There is evidence to suggest that despite the immense disaster that
wiped out Atlantis, there were many survivors. Groups of people who settled along the entire western Atlantic seaboard.
Survivors.
By all accounts the Atlantis disaster must have occurred with deadly rapidity. In these circumstances the island would quickly have become enveloped in huge clouds of toxic
gases. Survival time would amount to less than several minutes. Yet here again we have the enigma of finds that indicate that a sizeable number of people were able to reach surrounding continents - both
in Europe and Africa, where their presence is quite obviously recorded.
Imprint of culture.
This mass exodus of survivors extends along the whole of the western European coastline - the imprint of a culture that from Senegal in Africa to the frozen tundras of
Scandinavia is remarkably consistent.

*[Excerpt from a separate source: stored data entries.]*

(* For a nonnegative integer $d$ let $P_d(x)=\sum_{i=0}^{d}\frac{(x_i)^2(x_{d-i})^2}{i!\,(d-i)!}$, where $x_i=x(x-1)\cdots(x-i+1)$, and let $R_d(x)$ be the remainder upon dividing $P_{d+1}(x)$ by $P_d(x)$, i.e. $R_d(x)=P_{d+1}(x)-\left(\frac{2}{d+1}x^2-\frac{2d}{d+1}x+\frac d2\right)P_d(x)$. Then for every integer $d\ge5$ and every real $x>d/2$, $$-0.5<\frac{R_d(x)}{P_d(x)}<0.$$ *)

From mathcomp Require Import all_boot all_order all_algebra.
Set Implicit Arguments. Unset Strict Implicit. Unset Printing Implicit Defensive.
Import Order.TTheory GRing.Theory Num.Theory.
Local Open Scope ring_scope.

Definition ffact {R : pzRingType} (x : R) (i : nat) : R :=
  \prod_(j < i) (x - j%:R).

Definition Pd {R : fieldType} (d : nat) (x : R) : R :=
  \sum_(i < d.+1) (ffact x i) ^+ 2 * (ffact x (d - i)) ^+ 2
                    / ((i`!)%:R * ((d - i)`!)%:R).

Definition Rd {R : fieldType} (d : nat) (x : R) : R :=
  Pd d.+1 x - (2 / (d.+1)%:R * x ^+ 2 - 2 * d%:R / (d.+1)%:R * x + d%:R / 2) * Pd d x.

From mathcomp Require Import all_boot all_order all_algebra.
From mathcomp Require Import ring lra zify.
Set Implicit Arguments.
Unset Strict Implicit.
Unset Printing Implicit Defensive.
Import Order.TTheory GRing.Theory Num.Theory.
Local Open Scope ring_scope.

(* Write w_k for the k-th summand of P_n, v = x - n/2, A = P_n(x) = sum_k w_k and
   B = sum_k w_k (k - n/2)^2.  The identities k w^(n+1)_k = w^n_(k-1) (x-k+1)^2 and
   (n+1-k) w^(n+1)_k = w^n_k (x-n+k)^2 express P_(n+1) through A and B, and P_(n+2)
   through A, B and the fourth central moment, which a discrete Stein identity
   (summation by parts) reduces to A and B.  The outcome is (n+2) R_(n+1) = -4 v B < 0,
   while R_(n+1) + P_(n+1)/2 is a positive multiple of (n+2) v^2 A - D B, where
   D = 4 (n+1) v - n - 2; this is positive because
   sum_k w_k (D (k - n/2)^2 - (n+2) v^2)^2 >= 0, rewritten via the Stein identity. *)

Section Recurrence.
Variable R : numFieldType.
Implicit Types (x a b c : R) (f g : nat -> R).

Definition Pd_term (d : nat) x (i : nat) : R :=
  (ffact x i) ^+ 2 * (ffact x (d - i)) ^+ 2 / ((i`!)%:R * ((d - i)`!)%:R).

Definition Pd_sum (d : nat) x g : R := \sum_(i < d.+1) Pd_term d x i * g i.

Lemma Pd_sum1 d x : Pd_sum d x (fun=> 1) = Pd d x.
Proof. by apply: eq_bigr => i _; rewrite mulr1. Qed.

Lemma eq_Pd_sum d x f g : f =1 g -> Pd_sum d x f = Pd_sum d x g.
Proof. by move=> fg; apply: eq_bigr => i _; rewrite fg. Qed.

Lemma Pd_sumD d x f g :
  Pd_sum d x (fun k => f k + g k) = Pd_sum d x f + Pd_sum d x g.
Proof. by rewrite /Pd_sum -big_split; apply: eq_bigr => i _; rewrite mulrDr. Qed.

Lemma Pd_sumZ d x c g : Pd_sum d x (fun k => c * g k) = c * Pd_sum d x g.
Proof. by rewrite /Pd_sum mulr_sumr; apply: eq_bigr => i _; rewrite mulrCA. Qed.

Lemma Pd_sum_affine d x a b g :
  Pd_sum d x (fun k => a + b * g k) = a * Pd d x + b * Pd_sum d x g.
Proof.
rewrite -Pd_sum1 /Pd_sum !mulr_sumr -big_split /=.
by apply: eq_bigr => i _; ring.
Qed.

Lemma ffactS x k : ffact x k.+1 = ffact x k * (x - k%:R).
Proof. by rewrite /ffact big_ord_recr. Qed.

Lemma natr_fact_neq0 k : (k`!)%:R != 0 :> R.
Proof. by rewrite pnatr_eq0 -lt0n fact_gt0. Qed.

Lemma Pd_termSS d x k : (k <= d)%N ->
  Pd_term d.+1 x k.+1 * k.+1%:R = Pd_term d x k * (x - k%:R) ^+ 2.
Proof.
move=> le_kd; rewrite /Pd_term subSS ffactS factS natrM.
have k1_neq0 : 1 + k%:R != 0 :> R by rewrite addrC natr1 pnatr_eq0.
by field; rewrite !natr_fact_neq0 k1_neq0.
Qed.

Lemma Pd_termS d x k : (k <= d)%N ->
  Pd_term d.+1 x k * (d.+1%:R - k%:R) = Pd_term d x k * (x - (d%:R - k%:R)) ^+ 2.
Proof.
move=> le_kd; rewrite /Pd_term subSn // ffactS factS natrM natrB //.
have dk1_neq0 : (d - k).+1%:R != 0 :> R by rewrite pnatr_eq0.
move: dk1_neq0; rewrite -addn1 natrD natrB // => dk1_neq0.
by field; rewrite !natr_fact_neq0 dk1_neq0.
Qed.

Lemma Pd_sum_succ_index d x g :
  Pd_sum d.+1 x (fun i => i%:R * g i) = Pd_sum d x (fun k => (x - k%:R) ^+ 2 * g k.+1).
Proof.
rewrite /Pd_sum big_ord_recl /= mul0r mulr0 add0r; apply: eq_bigr => k _.
by rewrite /bump add1n mulrA Pd_termSS 1?mulrA // -ltnS.
Qed.

Lemma Pd_sum_succ_coindex d x g :
  Pd_sum d.+1 x (fun i => (d.+1%:R - i%:R) * g i)
  = Pd_sum d x (fun k => (x - (d%:R - k%:R)) ^+ 2 * g k).
Proof.
rewrite /Pd_sum big_ord_recr /= subrr mul0r mulr0 addr0; apply: eq_bigr => k _.
by rewrite [LHS]mulrA Pd_termS 1?mulrA // -ltnS.
Qed.

Lemma Pd_sum_succ d x g :
  d.+1%:R * Pd_sum d.+1 x g
  = Pd_sum d x (fun k => (x - k%:R) ^+ 2 * g k.+1 + (x - (d%:R - k%:R)) ^+ 2 * g k).
Proof.
rewrite Pd_sumD -Pd_sum_succ_index -Pd_sum_succ_coindex -Pd_sumD /Pd_sum mulr_sumr.
by apply: eq_bigr => i _; ring.
Qed.

(* The two halves of stein_poly are the left-hand sides of Pd_sum_succ_coindex and
   Pd_sum_succ_index for matching test functions, whose right-hand sides coincide. *)
Definition stein_poly (N x : R) (k : nat) : R :=
  (x - k%:R) ^+ 2 * (N - k%:R) * (k%:R - N / 2 + 1 / 2)
  - k%:R * (x - N + k%:R) ^+ 2 * (k%:R - N / 2 - 1 / 2).

Lemma Pd_sum_stein d x : Pd_sum d x (stein_poly d%:R x) = 0.
Proof.
case: d => [|d]; first by rewrite /Pd_sum big_ord1 /stein_poly /=; ring.
pose g i := (x - i%:R) ^+ 2 * (i%:R - d.+1%:R / 2 + 1 / 2).
pose h i := (x - d.+1%:R + i%:R) ^+ 2 * (i%:R - d.+1%:R / 2 - 1 / 2).
have -> : Pd_sum d.+1 x (stein_poly d.+1%:R x)
    = Pd_sum d.+1 x (fun i => (d.+1%:R - i%:R) * g i)
      - Pd_sum d.+1 x (fun i => i%:R * h i).
  by rewrite /Pd_sum -sumrB; apply: eq_bigr => i _; rewrite /stein_poly /g /h; ring.
rewrite Pd_sum_succ_index Pd_sum_succ_coindex /Pd_sum -sumrB.
by apply: big1 => k _; rewrite /g /h; field.
Qed.

Lemma Pd_sum_add_stein d x c f :
  Pd_sum d x (fun k => f k + c * stein_poly d%:R x k) = Pd_sum d x f.
Proof. by rewrite Pd_sumD Pd_sumZ Pd_sum_stein mulr0 addr0. Qed.
End Recurrence.

Definition Pd_moment2 {R : numFieldType} (n : nat) (x : R) : R :=
  Pd_sum n x (fun k => (k%:R - n%:R / 2) ^+ 2).

Definition Dpoly {R : numFieldType} (N v : R) := 4 * (N + 1) * v - N - 2.
Definition bpoly {R : numFieldType} (N v : R) := v ^+ 2 + (N - 1) * v - N / 4.
(* Kpoly and Fpoly are the coefficients obtained when the square in
   Pd_sum_sqr_identity is expanded and its fourth moment eliminated. *)
Definition Kpoly {R : numFieldType} (N v : R) :=
  2 * (N + 2) * v ^+ 2 + Dpoly N v * bpoly N v.
Definition Fpoly {R : numFieldType} (N v : R) :=
  (N + 2) ^+ 2 * v ^+ 2 + (N + 2) * bpoly N v * Dpoly N v - N * Dpoly N v ^+ 2 / 4.

Section Moments.
Variables (R : numFieldType) (n : nat) (x : R).
Local Notation N := (n%:R : R).
Local Notation v := (x - n%:R / 2).

Lemma natr_add1_neq0 : N + 1 != 0.
Proof. by rewrite natr1 pnatr_eq0. Qed.

Lemma natr_add2_neq0 : N + 2 != 0.
Proof. by rewrite -[2]/(1 + 1) addrA !natr1 pnatr_eq0. Qed.

Lemma Pd_succE : Pd n.+1 x * (N + 1) = 2 * v ^+ 2 * Pd n x + 2 * Pd_moment2 n x.
Proof.
rewrite -[Pd n.+1 x]Pd_sum1 mulrC natr1 Pd_sum_succ -Pd_sum_affine.
by apply: eq_Pd_sum => k /=; field.
Qed.

Lemma Pd_succ2E :
  Pd n.+2 x * ((N + 1) * (N + 2))
  = 2 * v ^+ 2 * (2 * v ^+ 2 - 2 * v + (N + 2) / 2) * Pd n x
    + (4 * v ^+ 2 - 4 * (N + 2) * v + N + 2) * Pd_moment2 n x.
Proof.
have -> : Pd n.+2 x * ((N + 1) * (N + 2))
    = n.+1%:R * (n.+2%:R * Pd_sum n.+2 x (fun=> 1)) by rewrite Pd_sum1 -!natr1; ring.
rewrite !Pd_sum_succ -(Pd_sum_add_stein _ _ 2) -Pd_sum_affine.
by apply: eq_Pd_sum => k /=; rewrite /stein_poly; field.
Qed.

Lemma Rd_succE : Rd n.+1 x * (N + 2) = - 4 * v * Pd_moment2 n x.
Proof.
have N1 := natr_add1_neq0; have N2 := natr_add2_neq0; rewrite /Rd.
have -> : Pd n.+1 x = (2 * v ^+ 2 * Pd n x + 2 * Pd_moment2 n x) / (N + 1).
  by rewrite -Pd_succE mulfK.
have -> : Pd n.+2 x = (2 * v ^+ 2 * (2 * v ^+ 2 - 2 * v + (N + 2) / 2) * Pd n x
    + (4 * v ^+ 2 - 4 * (N + 2) * v + N + 2) * Pd_moment2 n x) / ((N + 1) * (N + 2)).
  by rewrite -Pd_succ2E mulfK // mulf_neq0.
by field; rewrite N1 addrC N2.
Qed.

Lemma Rd_succ_halfE :
  (Rd n.+1 x + Pd n.+1 x / 2) * ((N + 1) * (N + 2))
  = (N + 2) * v ^+ 2 * Pd n x - Dpoly N v * Pd_moment2 n x.
Proof.
have -> : (Rd n.+1 x + Pd n.+1 x / 2) * ((N + 1) * (N + 2))
    = Rd n.+1 x * (N + 2) * (N + 1) + Pd n.+1 x * (N + 1) * (N + 2) / 2 by ring.
by rewrite Rd_succE Pd_succE /Dpoly; field.
Qed.

Lemma Pd_sum_sqr_identity :
  Pd_sum n x (fun k => (Dpoly N v * (k%:R - N / 2) ^+ 2 - (N + 2) * v ^+ 2) ^+ 2)
  = Kpoly N v * ((N + 2) * v ^+ 2 * Pd n x - Dpoly N v * Pd_moment2 n x)
    - v ^+ 2 * Fpoly N v * Pd n x.
Proof.
have -> : Kpoly N v * ((N + 2) * v ^+ 2 * Pd n x - Dpoly N v * Pd_moment2 n x)
    - v ^+ 2 * Fpoly N v * Pd n x
    = (Kpoly N v * (N + 2) * v ^+ 2 - v ^+ 2 * Fpoly N v) * Pd n x
      + (- Kpoly N v * Dpoly N v) * Pd_moment2 n x by ring.
rewrite -(Pd_sum_add_stein _ _ (Dpoly N v ^+ 2 / 2)) -Pd_sum_affine.
by apply: eq_Pd_sum => k /=; rewrite /stein_poly /Kpoly /Fpoly /Dpoly /bpoly; field.
Qed.

End Moments.

Section Positivity.
Variable R : realFieldType.
Implicit Types (x : R) (g : nat -> R).

Lemma ffact_gt0 x m : m%:R < x + 1 -> 0 < ffact x m.
Proof.
move=> m_lt; apply: prodr_gt0 => j _; rewrite subr_gt0.
have : (j.+1%:R <= m%:R :> R) by rewrite ler_nat.
by rewrite -natr1; lra.
Qed.

Lemma Pd_term_ge0 d x k : 0 <= Pd_term d x k.
Proof. by apply: divr_ge0; apply: mulr_ge0; rewrite ?sqr_ge0 ?ler0n. Qed.

Lemma Pd_term_gt0 d x k :
  k%:R < x + 1 -> (d - k)%:R < x + 1 -> 0 < Pd_term d x k.
Proof.
move=> k_lt dk_lt; apply: divr_gt0; apply: mulr_gt0;
  by rewrite ?exprn_gt0 ?ffact_gt0 ?ltr0n ?fact_gt0.
Qed.

Lemma Pd_sum_ge0 d x g : (forall k, 0 <= g k) -> 0 <= Pd_sum d x g.
Proof. by move=> g_ge0; apply: sumr_ge0 => i _; rewrite mulr_ge0 ?Pd_term_ge0. Qed.

Lemma Pd_sum_gt0 d x g k : (k <= d)%N -> (forall i, 0 <= g i) ->
  0 < Pd_term d x k -> 0 < g k -> 0 < Pd_sum d x g.
Proof.
rewrite -ltnS => k_le g_ge0 term_gt0 gk_gt0.
rewrite /Pd_sum (bigD1 (Ordinal k_le)) //=.
apply: ltr_pwDl; first exact: mulr_gt0.
by apply: sumr_ge0 => i _; rewrite mulr_ge0 ?Pd_term_ge0.
Qed.

(* At this index the weight is positive and k - n/2 is nonzero. *)
Lemma Pd_term_mid_gt0 n x : (0 < n)%N -> n%:R / 2 < x -> 0 < Pd_term n x n./2.+1.
Proof.
move=> n_gt0 x_gt; have half_le : n./2%:R * 2 <= n%:R :> R by rewrite -natrM ler_nat; lia.
apply: Pd_term_gt0; first by rewrite -natr1 ltrD2r; lra.
have : (n - n./2.+1)%:R <= n./2%:R :> R by rewrite ler_nat; lia.
lra.
Qed.

Lemma Pd_gt0 n x : (0 < n)%N -> n%:R / 2 < x -> 0 < Pd n x.
Proof.
move=> n_gt0 x_gt; rewrite -Pd_sum1.
by apply: (Pd_sum_gt0 (k := n./2.+1)) => //; [lia | exact: Pd_term_mid_gt0].
Qed.

Lemma Pd_moment2_gt0 n x : (0 < n)%N -> n%:R / 2 < x -> 0 < Pd_moment2 n x.
Proof.
move=> n_gt0 x_gt; apply: (Pd_sum_gt0 (k := n./2.+1)) => //.
- by lia.
- by move=> i; apply: sqr_ge0.
- exact: Pd_term_mid_gt0.
have mid_gt : n%:R < n./2.+1%:R * 2 :> R by rewrite -natrM ltr_nat; lia.
by apply: exprn_gt0; lra.
Qed.

Lemma Dpoly_gt0 (N v : R) : 4 <= N -> 1 / 2 < v -> 0 < Dpoly N v.
Proof. by move=> N_ge v_gt; rewrite /Dpoly; nra. Qed.

Lemma Kpoly_gt0 (N v : R) : 4 <= N -> 1 / 2 < v -> 0 < Kpoly N v.
Proof.
move=> N_ge v_gt; have D_gt0 := Dpoly_gt0 N_ge v_gt.
have b_gt0 : 0 < bpoly N v by rewrite /bpoly; nra.
have := mulr_gt0 D_gt0 b_gt0; rewrite /Kpoly; nra.
Qed.

Lemma Fpoly_gt0 (N v : R) : 4 <= N -> 1 / 2 < v -> 0 < Fpoly N v.
Proof.
move=> N_ge v_gt.
have -> : Fpoly N v = 11 + 9 / 2 * (N - 4) + 1 / 2 * (N - 4) ^+ 2
  + (v - 1 / 2) * (62 + 27 * (N - 4) + 3 * (N - 4) ^+ 2)
  + (v - 1 / 2) ^+ 2 * (140 + 58 * (N - 4) + 6 * (N - 4) ^+ 2)
  + (v - 1 / 2) ^+ 3 * (120 + 44 * (N - 4) + 4 * (N - 4) ^+ 2).
  by rewrite /Fpoly /bpoly /Dpoly; field.
set s := v - 1 / 2; set m := N - 4.
have s_gt0 : 0 < s by rewrite /s; lra.
have m_ge0 : 0 <= m by rewrite /m; lra.
have m2_ge0 := sqr_ge0 m.
have : 0 <= s * (62 + 27 * m + 3 * m ^+ 2) by apply: mulr_ge0; lra.
have : 0 <= s ^+ 2 * (140 + 58 * m + 6 * m ^+ 2) by apply: mulr_ge0; [apply: sqr_ge0 | lra].
have : 0 <= s ^+ 3 * (120 + 44 * m + 4 * m ^+ 2) by apply: mulr_ge0; [apply: exprn_ge0 | ]; lra.
lra.
Qed.

Lemma Pd_moment2_lt n x : (4 <= n)%N -> 1 / 2 < x - n%:R / 2 ->
  Dpoly n%:R (x - n%:R / 2) * Pd_moment2 n x
  < (n%:R + 2) * (x - n%:R / 2) ^+ 2 * Pd n x.
Proof.
set v := x - n%:R / 2 => n_ge4 v_gt.
have N_ge4 : 4 <= n%:R :> R by rewrite (ler_nat R 4 n).
have x_gt : n%:R / 2 < x by rewrite /v in v_gt; lra.
have sqr_sum_ge0 : 0 <= Pd_sum n x
    (fun k => (Dpoly n%:R v * (k%:R - n%:R / 2) ^+ 2 - (n%:R + 2) * v ^+ 2) ^+ 2).
  by apply: Pd_sum_ge0 => k; apply: sqr_ge0.
rewrite Pd_sum_sqr_identity -/v in sqr_sum_ge0.
have F_gt0 : 0 < v ^+ 2 * Fpoly n%:R v * Pd n x.
  apply: mulr_gt0; last by apply: Pd_gt0 => //; lia.
  by apply: mulr_gt0; [apply: exprn_gt0; lra | exact: Fpoly_gt0].
rewrite -subr_gt0 -(pmulr_rgt0 _ (Kpoly_gt0 N_ge4 v_gt)); lra.
Qed.

End Positivity.

Theorem lemma1p5 (R : realFieldType) (d : nat) (x : R) :
  (5 <= d)%N -> d%:R / 2 < x ->
  - (1 / 2) < Rd d x / Pd d x /\ Rd d x / Pd d x < 0.
Proof.
case: d => [//|n] n_ge4 x_gt; rewrite -natr1 in x_gt.
have n_gt0 : (0 < n)%N by lia.
have v_gt : 1 / 2 < x - n%:R / 2 by lra.
have N1_gt0 : 0 < n%:R + 1 :> R by rewrite natr1 ltr0Sn.
have N2_gt0 : 0 < n%:R + 2 :> R by rewrite ltr_wpDl ?ler0n.
have A_gt0 : 0 < Pd n x by apply: Pd_gt0 => //; lra.
have B_gt0 : 0 < Pd_moment2 n x by apply: Pd_moment2_gt0 => //; lra.
have P_gt0 : 0 < Pd n.+1 x.
  have vA_gt0 : 0 < (x - n%:R / 2) ^+ 2 * Pd n x by rewrite mulr_gt0 ?exprn_gt0 //; lra.
  by rewrite -(pmulr_lgt0 _ N1_gt0) Pd_succE; lra.
have R_lt0 : Rd n.+1 x < 0.
  have vB_gt0 : 0 < (x - n%:R / 2) * Pd_moment2 n x by rewrite mulr_gt0 //; lra.
  by rewrite -(pmulr_llt0 _ N2_gt0) Rd_succE; lra.
have R_gt_half : 0 < Rd n.+1 x + Pd n.+1 x / 2.
  rewrite -(pmulr_lgt0 _ (mulr_gt0 N1_gt0 N2_gt0)) Rd_succ_halfE subr_gt0.
  exact: Pd_moment2_lt.
split; last by rewrite pmulr_llt0 ?invr_gt0.
by rewrite ltr_pdivlMr //; lra.
Qed.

We see it in their standing stones and circles and their love of megalithic tombs together with an indelibible record of art depicting flotillas of overlaiden boats
fleeing some terrible catastrophe.
Incredible transformation.
The pure and simple truth is that almost overnight the shores of this area are transformed by the arrival of a remarkably skilled people that appear to arrive out of
nowhere. Significantly there is no record of social evolution that would explain such skills, and we are left looking at a mystery with no obvious solution. None that is, unless we explain things in
terms of a vast exodus from an Atlantic island that no longer exists.
Flowering of civilsation.
An early assumption was that the first flowerings of civilisation arose in Mesopotamia. However there is a sizeable wealth of evidence that suggest another scenario. It is
the eastward spread of culture from the Atlantic shoreline - exactly what might be expected if a large body of displaced individuals from a once great civilsation were on the move. Moreover this eastward
migration is well documented and forms an enigmatic source point for an alternative to Mesopotamia as the cradle of civlisation.